When the word "matrix" shows up in a line of the data below, copy that whole line.

<<<<

(* Let $R$ be a representation of $\mathbf{Q}$ with dimension vector $(1,4,1)$ which is either globally surjective but not locally injective, or globally injective but not locally surjective. Then for no $(\alpha,\gamma)\in\mathbb{R}^2$ is $R$ $\theta$-stable, where $\theta=(\alpha,-(\alpha+\gamma)/4,\gamma)$.
   Context: The quiver $\mathbf{Q}$ has vertices $-1,0,1$, arrows $\eta_0,\dots,\eta_3:-1\to0$, $\phi_0,\dots,\phi_3:0\to1$ and relations $\phi_i\eta_j+\phi_j\eta_i=0$; a representation consists of vector spaces $V_{-1},V_0,V_1$ and linear maps $f_i:V_{-1}\to V_0$, $g_i:V_0\to V_1$ with $g_if_j+g_jf_i=0$. $R$ is globally injective (resp. surjective) if $\sum\lambda_if_i$ is injective (resp. $\sum\lambda_ig_i$ surjective) for all $\lambda\in\mathbb{C}^4\setminus\{0\}$; locally injective (resp. surjective) if this holds for all $[\lambda]\in\mathbb{P}^3$ outside a closed subset of codimension at least 2. $R$ is $\theta$-stable if $\theta\cdot\dim R=0$ and $\theta\cdot\dim S<0$ for every nonzero proper subrepresentation $S$. *)

From HB Require Import structures.
From mathcomp Require Import all_boot all_order all_algebra.
From mathcomp Require Import complex.
From mathcomp Require Import Rstruct.
From mathcomp Require Import mpoly.
Set Implicit Arguments.
Unset Strict Implicit.
Unset Printing Implicit Defensive.
Import Order.TTheory GRing.Theory Num.Theory.
Local Open Scope ring_scope.

Notation RR := Rdefinitions.R.
Notation CC := (complex Rdefinitions.R).

(* A representation of Q with dimension vector (1,4,1), in chosen bases
   V_{-1} = C^1, V_0 = C^4, V_1 = C^1.  Vectors are row vectors and linear
   maps act on the right: f_i : V_{-1} -> V_0 is v |-> v *m rf i, and
   g_i : V_0 -> V_1 is w |-> w *m rg i.  Hence g_i o f_j is the matrix
   rf j *m rg i, and the relation g_i f_j + g_j f_i = 0 reads as below. *)
Record rep141 := Rep141 {
  rf : 'I_4 -> 'M[CC]_(1, 4);
  rg : 'I_4 -> 'M[CC]_(4, 1);
  rrel : forall i j : 'I_4, rf j *m rg i + rf i *m rg j = 0
}.

Definition nonzero4 (lam : 'I_4 -> CC) : Prop := exists i, lam i != 0.

Definition fsum (R : rep141) (lam : 'I_4 -> CC) : 'M[CC]_(1, 4) :=
  \sum_(i < 4) lam i *: rf R i.
Definition gsum (R : rep141) (lam : 'I_4 -> CC) : 'M[CC]_(4, 1) :=
  \sum_(i < 4) lam i *: rg R i.

(* injectivity / surjectivity of v |-> v *m M : row_free / row_full *)
Definition glob_inj (R : rep141) : Prop :=
  forall lam, nonzero4 lam -> row_free (fsum R lam).
Definition glob_surj (R : rep141) : Prop :=
  forall lam, nonzero4 lam -> row_full (gsum R lam).

(* ---- Subsets of P^3, represented by their (punctured) affine cones: a set
   of nonzero lambda in C^4. ---- *)
Definition pset := ('I_4 -> CC) -> Prop.
Definition pincl (Z1 Z2 : pset) : Prop := forall lam, Z1 lam -> Z2 lam.
Definition psame (Z1 Z2 : pset) : Prop := forall lam, Z1 lam <-> Z2 lam.
Definition pstrict (Z1 Z2 : pset) : Prop := pincl Z1 Z2 /\ ~ pincl Z2 Z1.

Definition proj_closed (Z : pset) : Prop :=
  exists S : {mpoly CC[4]} -> Prop,
    (forall p, S p -> exists d : nat, p \is d.-homog) /\
    forall lam, Z lam <-> (nonzero4 lam /\ forall p, S p -> p.@[lam] = 0).

Definition proj_irred (Z : pset) : Prop :=
  [/\ proj_closed Z, exists lam, Z lam &
      forall Z1 Z2, proj_closed Z1 -> proj_closed Z2 ->
        (forall lam, Z lam <-> (Z1 lam \/ Z2 lam)) -> psame Z Z1 \/ psame Z Z2].

Definition proj_dim_le (Z : pset) (d : nat) : Prop :=
  ~ exists Y : nat -> pset,
      (forall k, (k <= d.+1)%N -> proj_irred (Y k) /\ pincl (Y k) Z) /\
      (forall k, (k < d.+1)%N -> pstrict (Y k) (Y k.+1)).

(* closed subset of P^3 of codimension >= 2, i.e. dimension <= 3 - 2 = 1 *)
Definition codim_ge2 (Z : pset) : Prop := proj_closed Z /\ proj_dim_le Z 1.

Definition loc_inj (R : rep141) : Prop :=
  exists Z, codim_ge2 Z /\
    forall lam, nonzero4 lam -> ~ Z lam -> row_free (fsum R lam).
Definition loc_surj (R : rep141) : Prop :=
  exists Z, codim_ge2 Z /\
    forall lam, nonzero4 lam -> ~ Z lam -> row_full (gsum R lam).

Definition theta_dot (th : RR * RR * RR) (d : nat * nat * nat) : RR :=
  th.1.1 * d.1.1%:R + th.1.2 * d.1.2%:R + th.2 * d.2%:R.

Definition is_subrep (R : rep141) (Wm : 'M[CC]_1) (W0 : 'M[CC]_4)
  (Wp : 'M[CC]_1) : Prop :=
  forall i, (Wm *m rf R i <= W0)%MS /\ (W0 *m rg R i <= Wp)%MS.

Definition theta_stable (th : RR * RR * RR) (R : rep141) : Prop :=
  theta_dot th (1, 4, 1)%N = 0 /\
  forall (Wm : 'M[CC]_1) (W0 : 'M[CC]_4) (Wp : 'M[CC]_1),
    is_subrep R Wm W0 Wp ->
    ~ [/\ Wm = 0, W0 = 0 & Wp = 0] ->
    ~ [/\ (1%:M <= Wm)%MS, (1%:M <= W0)%MS & (1%:M <= Wp)%MS] ->
    theta_dot th (\rank Wm, \rank W0, \rank Wp) < 0.

From HB Require Import structures.
From mathcomp Require Import all_boot all_order all_algebra.
From mathcomp Require Import complex Rstruct mpoly.
From Stdlib Require Import Classical.
From mathcomp Require Import ring lra.
Set Implicit Arguments.
Unset Strict Implicit.
Unset Printing Implicit Defensive.

Import Order.TTheory GRing.Theory Num.Theory.
Local Open Scope ring_scope.

(* Only the failure of local injectivity (resp. surjectivity) matters.  Let F
   (resp. G) be the 4x4 matrix whose rows are the f_i (resp. the g_i).  If
   rank F >= 2, then sum_i lambda_i f_i is injective outside the projectivised
   kernel of F, a point or a line of P^3, so R is locally injective; likewise
   for G.  If rank F <= 1 or rank G <= 1, the relations g_i f_j + g_j f_i = 0
   force g_i f_j = 0 for all i, j, so (V_{-1}, common kernel of the g_i, 0) is
   a subrepresentation of dimension (1, k, 0).  Its weight
   alpha - k (alpha + gamma) / 4 is positive, since stability against
   (0, 0, V_1) and (0, V_0, V_1) already gives gamma < 0 < alpha. *)

Lemma meval_dhomog_scale (R : comNzRingType) n (h : {mpoly R[n]}) d c
    (x : 'I_n -> R) :
  h \is d.-homog -> h.@[fun i => c * x i] = c ^+ d * h.@[x].
Proof.
move=> /dhomogP hd; rewrite !mevalE big_distrr /=.
apply: eq_big_seq => m /hd <-; rewrite mulrCA; congr (_ * _).
rewrite [X in c ^+ X](_ : _ = \sum_i m i)%N; last exact: mdegE.
by under eq_bigr do rewrite exprMn; rewrite big_split /= prodrXr.
Qed.

Lemma mulmx_colE (R : pzSemiRingType) m n (u : 'M[R]_(m, n)) (M : 'M_n) i j :
  (u *m col j M) i 0 = (u *m M) i j.
Proof. by rewrite !mxE; apply: eq_bigr => k _; rewrite mxE. Qed.

Section LinearAlgebra.
Variables (F : fieldType) (n : nat).

Definition rowv (x : 'I_n -> F) : 'rV[F]_n := \row_i x i.

Definition linear_form (A : 'cV[F]_n) : {mpoly F[n]} := \sum_i A i 0 *: 'X_i.

Lemma linear_formE A x : (linear_form A).@[x] = (rowv x *m A) 0 0.
Proof.
rewrite /linear_form (big_morph _ (mevalD x) (meval0 x)) !mxE.
by apply: eq_bigr => i _; rewrite mevalZ mevalXU mxE mulrC.
Qed.

Lemma linear_form_homog A : linear_form A \is 1.-homog.
Proof.
apply: rpred_sum => i _; apply: dhomogZ.
by rewrite dhomogX; apply/eqP; exact: mdeg1.
Qed.

Lemma exists_dual (p q : 'rV[F]_n) : ~~ (p <= q)%MS ->
  exists A : 'cV[F]_n, (p *m A) 0 0 = 1 /\ (q *m A) 0 0 = 0.
Proof.
rewrite submxE => /eqP /rowP /not_all_ex_not [j /eqP hj]; rewrite [X in _ != X]mxE in hj.
set C := cokermx q; exists (((p *m C) 0 j)^-1 *: col j C).
rewrite -!scalemxAr; split; rewrite mxE mulmx_colE; first exact: mulVf.
by rewrite mulmx_coker [X in _ * X]mxE mulr0.
Qed.

Lemma sub_line_coord (p q x : 'rV[F]_n) (A B : 'cV[F]_n) :
  (p *m A) 0 0 = 1 -> (q *m A) 0 0 = 0 ->
  (p *m B) 0 0 = 0 -> (q *m B) 0 0 = 1 ->
  (x <= p + q)%MS -> x = (x *m A) 0 0 *: p + (x *m B) 0 0 *: q.
Proof.
move=> pA qA pB qB /sub_addsmxP [[u v] /= ->].
rewrite [u]mx11_scalar [v]mx11_scalar !mul_scalar_mx !mulmxDl -!scalemxAl.
have e11 (a b : F) (M N : 'M[F]_1) : (a *: M + b *: N) 0 0 = a * M 0 0 + b * N 0 0.
  by rewrite !mxE.
by rewrite !e11 pA qA pB qB !mulr1 !mulr0 addr0 add0r.
Qed.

>>>>

SOLUTION TO THIS PROBLEM:
   g_i : V_0 -> V_1 is w |-> w *m rg i.  Hence g_i o f_j is the matrix
   (resp. G) be the 4x4 matrix whose rows are the f_i (resp. the g_i).  If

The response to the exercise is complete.